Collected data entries
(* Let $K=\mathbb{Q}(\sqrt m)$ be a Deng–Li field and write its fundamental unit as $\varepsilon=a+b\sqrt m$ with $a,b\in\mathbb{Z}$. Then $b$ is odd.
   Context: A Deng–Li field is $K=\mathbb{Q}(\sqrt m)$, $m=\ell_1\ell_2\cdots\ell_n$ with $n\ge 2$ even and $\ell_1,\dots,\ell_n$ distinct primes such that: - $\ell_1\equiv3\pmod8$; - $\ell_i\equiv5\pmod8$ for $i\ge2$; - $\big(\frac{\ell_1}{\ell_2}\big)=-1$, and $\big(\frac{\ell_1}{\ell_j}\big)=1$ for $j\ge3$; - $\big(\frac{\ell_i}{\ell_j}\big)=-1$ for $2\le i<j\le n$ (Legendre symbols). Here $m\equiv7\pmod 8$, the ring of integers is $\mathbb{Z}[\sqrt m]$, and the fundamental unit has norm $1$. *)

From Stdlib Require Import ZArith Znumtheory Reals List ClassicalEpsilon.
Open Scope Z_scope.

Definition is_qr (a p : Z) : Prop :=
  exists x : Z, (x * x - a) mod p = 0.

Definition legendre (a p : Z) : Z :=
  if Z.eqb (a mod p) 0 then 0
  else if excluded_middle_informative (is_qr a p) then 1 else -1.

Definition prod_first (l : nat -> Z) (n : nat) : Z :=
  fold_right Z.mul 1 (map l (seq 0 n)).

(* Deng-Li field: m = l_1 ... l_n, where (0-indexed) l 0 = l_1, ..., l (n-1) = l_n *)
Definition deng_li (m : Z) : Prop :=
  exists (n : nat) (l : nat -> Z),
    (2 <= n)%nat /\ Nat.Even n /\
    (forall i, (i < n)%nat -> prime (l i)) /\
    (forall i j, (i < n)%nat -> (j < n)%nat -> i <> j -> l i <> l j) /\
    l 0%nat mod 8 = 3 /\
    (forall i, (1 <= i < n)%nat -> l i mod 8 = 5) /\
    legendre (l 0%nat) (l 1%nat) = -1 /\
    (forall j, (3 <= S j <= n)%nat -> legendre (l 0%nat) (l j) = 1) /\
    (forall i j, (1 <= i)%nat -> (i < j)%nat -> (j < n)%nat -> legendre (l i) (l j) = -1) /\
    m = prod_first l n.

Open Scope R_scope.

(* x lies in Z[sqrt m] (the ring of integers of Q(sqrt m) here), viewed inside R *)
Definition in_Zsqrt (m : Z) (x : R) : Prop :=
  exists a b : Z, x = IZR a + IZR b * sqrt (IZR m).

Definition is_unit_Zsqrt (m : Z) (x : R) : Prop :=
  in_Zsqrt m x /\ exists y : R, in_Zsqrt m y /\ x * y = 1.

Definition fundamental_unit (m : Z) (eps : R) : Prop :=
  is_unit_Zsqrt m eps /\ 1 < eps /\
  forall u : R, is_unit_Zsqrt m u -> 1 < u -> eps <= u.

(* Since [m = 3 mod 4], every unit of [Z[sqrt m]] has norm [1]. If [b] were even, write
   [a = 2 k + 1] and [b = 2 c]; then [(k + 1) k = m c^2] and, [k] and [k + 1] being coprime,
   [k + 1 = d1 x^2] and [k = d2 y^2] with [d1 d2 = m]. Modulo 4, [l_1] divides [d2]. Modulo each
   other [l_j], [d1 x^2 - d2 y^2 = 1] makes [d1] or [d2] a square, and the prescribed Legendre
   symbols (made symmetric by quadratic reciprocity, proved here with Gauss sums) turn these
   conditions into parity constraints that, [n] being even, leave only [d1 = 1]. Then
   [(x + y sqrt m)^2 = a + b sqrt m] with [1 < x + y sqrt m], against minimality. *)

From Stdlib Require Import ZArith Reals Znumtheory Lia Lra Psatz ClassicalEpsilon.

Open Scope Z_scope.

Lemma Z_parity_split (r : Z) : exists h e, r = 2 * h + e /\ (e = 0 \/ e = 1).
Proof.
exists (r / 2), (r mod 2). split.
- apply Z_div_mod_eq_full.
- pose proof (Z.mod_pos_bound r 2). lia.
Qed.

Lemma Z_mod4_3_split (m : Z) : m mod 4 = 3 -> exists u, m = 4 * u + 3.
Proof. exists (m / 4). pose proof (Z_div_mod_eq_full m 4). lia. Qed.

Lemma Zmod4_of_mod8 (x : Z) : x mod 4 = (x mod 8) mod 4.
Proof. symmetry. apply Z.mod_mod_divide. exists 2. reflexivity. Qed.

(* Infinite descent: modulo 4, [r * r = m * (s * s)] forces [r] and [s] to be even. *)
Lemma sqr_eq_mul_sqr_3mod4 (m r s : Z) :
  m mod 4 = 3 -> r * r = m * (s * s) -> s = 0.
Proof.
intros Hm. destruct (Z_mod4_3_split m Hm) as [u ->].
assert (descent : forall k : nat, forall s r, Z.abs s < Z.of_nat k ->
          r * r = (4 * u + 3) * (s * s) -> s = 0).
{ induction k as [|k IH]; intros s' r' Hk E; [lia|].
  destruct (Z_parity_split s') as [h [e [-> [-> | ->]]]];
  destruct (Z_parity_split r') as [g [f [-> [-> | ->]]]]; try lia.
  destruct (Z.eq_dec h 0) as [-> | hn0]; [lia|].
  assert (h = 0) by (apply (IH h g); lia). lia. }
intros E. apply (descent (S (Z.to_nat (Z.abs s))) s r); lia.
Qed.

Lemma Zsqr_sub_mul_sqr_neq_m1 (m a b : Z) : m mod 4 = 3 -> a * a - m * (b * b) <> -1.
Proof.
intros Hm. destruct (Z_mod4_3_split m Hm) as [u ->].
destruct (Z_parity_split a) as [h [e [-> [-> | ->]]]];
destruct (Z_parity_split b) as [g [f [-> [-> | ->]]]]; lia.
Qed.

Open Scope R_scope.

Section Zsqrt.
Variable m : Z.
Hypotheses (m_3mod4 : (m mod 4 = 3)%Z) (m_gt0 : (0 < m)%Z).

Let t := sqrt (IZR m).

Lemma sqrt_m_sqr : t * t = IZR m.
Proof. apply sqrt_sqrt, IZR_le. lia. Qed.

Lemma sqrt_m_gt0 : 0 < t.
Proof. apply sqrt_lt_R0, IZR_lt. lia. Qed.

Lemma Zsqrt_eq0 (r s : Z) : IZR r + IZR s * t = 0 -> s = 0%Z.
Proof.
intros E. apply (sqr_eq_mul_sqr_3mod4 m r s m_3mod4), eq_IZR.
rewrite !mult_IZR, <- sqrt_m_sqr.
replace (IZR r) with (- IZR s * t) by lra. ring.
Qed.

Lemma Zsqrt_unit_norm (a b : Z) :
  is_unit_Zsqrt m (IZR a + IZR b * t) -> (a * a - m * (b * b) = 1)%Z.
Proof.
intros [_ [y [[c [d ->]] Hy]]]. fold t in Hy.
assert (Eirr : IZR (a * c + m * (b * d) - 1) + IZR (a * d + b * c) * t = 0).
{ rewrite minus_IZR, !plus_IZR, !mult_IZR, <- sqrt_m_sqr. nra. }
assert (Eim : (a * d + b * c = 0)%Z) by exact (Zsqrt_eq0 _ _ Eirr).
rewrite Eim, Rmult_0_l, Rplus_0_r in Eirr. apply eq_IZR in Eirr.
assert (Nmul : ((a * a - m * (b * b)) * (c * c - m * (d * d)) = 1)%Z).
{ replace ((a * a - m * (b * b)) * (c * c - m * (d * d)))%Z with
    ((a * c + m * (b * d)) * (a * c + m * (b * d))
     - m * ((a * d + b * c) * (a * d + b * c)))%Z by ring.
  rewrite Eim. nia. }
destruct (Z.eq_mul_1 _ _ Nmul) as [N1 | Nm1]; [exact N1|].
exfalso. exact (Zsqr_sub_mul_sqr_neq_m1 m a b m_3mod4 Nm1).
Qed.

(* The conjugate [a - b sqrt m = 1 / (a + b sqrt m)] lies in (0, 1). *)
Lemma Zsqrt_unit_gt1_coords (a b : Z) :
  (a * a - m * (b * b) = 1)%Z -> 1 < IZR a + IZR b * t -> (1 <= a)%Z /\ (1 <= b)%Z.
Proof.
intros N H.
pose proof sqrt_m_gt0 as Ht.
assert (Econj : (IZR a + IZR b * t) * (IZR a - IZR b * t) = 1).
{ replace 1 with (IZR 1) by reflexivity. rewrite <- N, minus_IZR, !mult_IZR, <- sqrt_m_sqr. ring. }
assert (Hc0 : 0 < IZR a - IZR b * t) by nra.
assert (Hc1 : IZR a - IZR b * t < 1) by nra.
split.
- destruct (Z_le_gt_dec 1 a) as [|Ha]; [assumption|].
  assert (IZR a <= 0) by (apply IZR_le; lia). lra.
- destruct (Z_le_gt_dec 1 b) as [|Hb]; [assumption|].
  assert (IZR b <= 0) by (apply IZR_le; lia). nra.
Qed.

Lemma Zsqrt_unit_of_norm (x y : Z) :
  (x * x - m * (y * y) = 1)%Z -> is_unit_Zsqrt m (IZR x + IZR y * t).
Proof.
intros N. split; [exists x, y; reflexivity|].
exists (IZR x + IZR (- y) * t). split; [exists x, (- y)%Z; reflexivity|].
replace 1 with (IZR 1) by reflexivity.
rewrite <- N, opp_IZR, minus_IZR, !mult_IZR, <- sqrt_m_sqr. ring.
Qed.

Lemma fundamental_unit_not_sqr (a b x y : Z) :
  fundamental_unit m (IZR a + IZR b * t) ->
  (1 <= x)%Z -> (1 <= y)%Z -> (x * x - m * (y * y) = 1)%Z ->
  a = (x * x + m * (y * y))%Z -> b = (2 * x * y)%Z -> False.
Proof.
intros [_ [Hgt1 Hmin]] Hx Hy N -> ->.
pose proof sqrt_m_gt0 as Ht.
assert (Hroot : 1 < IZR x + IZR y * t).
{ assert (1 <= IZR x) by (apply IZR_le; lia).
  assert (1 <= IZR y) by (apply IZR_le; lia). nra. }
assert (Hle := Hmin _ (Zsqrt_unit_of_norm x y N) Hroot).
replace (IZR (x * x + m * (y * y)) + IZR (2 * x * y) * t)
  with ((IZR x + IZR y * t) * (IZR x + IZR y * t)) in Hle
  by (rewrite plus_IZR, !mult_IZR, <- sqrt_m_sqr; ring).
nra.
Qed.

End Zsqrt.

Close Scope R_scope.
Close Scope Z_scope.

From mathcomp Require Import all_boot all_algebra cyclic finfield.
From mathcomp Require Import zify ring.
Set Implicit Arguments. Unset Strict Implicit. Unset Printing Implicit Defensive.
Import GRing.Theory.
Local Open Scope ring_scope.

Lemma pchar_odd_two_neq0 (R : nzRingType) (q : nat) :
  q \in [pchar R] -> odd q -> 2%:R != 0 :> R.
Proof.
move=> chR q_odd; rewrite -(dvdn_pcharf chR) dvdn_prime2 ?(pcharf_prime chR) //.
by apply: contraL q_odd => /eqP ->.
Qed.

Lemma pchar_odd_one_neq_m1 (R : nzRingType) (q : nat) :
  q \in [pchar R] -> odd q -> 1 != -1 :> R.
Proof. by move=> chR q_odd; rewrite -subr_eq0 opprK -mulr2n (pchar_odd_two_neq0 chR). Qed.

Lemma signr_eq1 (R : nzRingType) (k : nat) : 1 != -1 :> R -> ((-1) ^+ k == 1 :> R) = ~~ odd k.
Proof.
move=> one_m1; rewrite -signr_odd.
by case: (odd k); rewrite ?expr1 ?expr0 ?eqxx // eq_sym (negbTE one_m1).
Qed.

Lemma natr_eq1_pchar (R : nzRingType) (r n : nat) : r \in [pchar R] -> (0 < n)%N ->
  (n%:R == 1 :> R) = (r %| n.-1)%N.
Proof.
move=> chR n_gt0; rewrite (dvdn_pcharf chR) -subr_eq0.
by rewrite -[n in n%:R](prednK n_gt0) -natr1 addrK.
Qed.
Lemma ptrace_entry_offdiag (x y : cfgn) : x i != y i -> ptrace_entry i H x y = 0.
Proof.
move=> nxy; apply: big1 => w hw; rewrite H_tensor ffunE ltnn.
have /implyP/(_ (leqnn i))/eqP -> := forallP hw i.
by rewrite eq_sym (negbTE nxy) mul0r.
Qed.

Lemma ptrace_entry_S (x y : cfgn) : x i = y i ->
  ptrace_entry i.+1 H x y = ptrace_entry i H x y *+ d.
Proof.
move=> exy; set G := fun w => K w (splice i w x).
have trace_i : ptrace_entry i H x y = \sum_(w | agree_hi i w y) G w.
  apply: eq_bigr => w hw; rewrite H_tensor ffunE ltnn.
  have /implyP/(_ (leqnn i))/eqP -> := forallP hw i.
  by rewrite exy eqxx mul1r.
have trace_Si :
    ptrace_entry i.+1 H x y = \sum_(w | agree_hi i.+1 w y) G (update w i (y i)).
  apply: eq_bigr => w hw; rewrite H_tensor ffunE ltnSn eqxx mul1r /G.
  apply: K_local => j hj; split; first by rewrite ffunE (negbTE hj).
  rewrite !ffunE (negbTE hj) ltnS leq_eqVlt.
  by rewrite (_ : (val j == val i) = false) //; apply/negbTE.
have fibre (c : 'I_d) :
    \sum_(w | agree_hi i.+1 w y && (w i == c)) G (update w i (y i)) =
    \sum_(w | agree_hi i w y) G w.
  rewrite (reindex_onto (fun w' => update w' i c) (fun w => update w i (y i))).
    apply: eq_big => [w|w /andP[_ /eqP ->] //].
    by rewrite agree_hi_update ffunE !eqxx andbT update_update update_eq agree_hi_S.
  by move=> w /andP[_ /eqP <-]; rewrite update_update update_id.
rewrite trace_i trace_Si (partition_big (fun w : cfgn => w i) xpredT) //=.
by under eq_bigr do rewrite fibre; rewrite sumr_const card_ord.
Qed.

(WORK TASK): Return the span of lines in the data above that opens at the line with "(n%:R == 1 :> R) = (r %| n.-1)%N." and closes at the line with "have trace_i : ptrace_entry", exactly, ends included, nothing else.

(REPLY):
  (n%:R == 1 :> R) = (r %| n.-1)%N.
Proof.
move=> chR n_gt0; rewrite (dvdn_pcharf chR) -subr_eq0.
by rewrite -[n in n%:R](prednK n_gt0) -natr1 addrK.
Qed.
Lemma ptrace_entry_offdiag (x y : cfgn) : x i != y i -> ptrace_entry i H x y = 0.
Proof.
move=> nxy; apply: big1 => w hw; rewrite H_tensor ffunE ltnn.
have /implyP/(_ (leqnn i))/eqP -> := forallP hw i.
by rewrite eq_sym (negbTE nxy) mul0r.
Qed.

Lemma ptrace_entry_S (x y : cfgn) : x i = y i ->
  ptrace_entry i.+1 H x y = ptrace_entry i H x y *+ d.
Proof.
move=> exy; set G := fun w => K w (splice i w x).
have trace_i : ptrace_entry i H x y = \sum_(w | agree_hi i w y) G w.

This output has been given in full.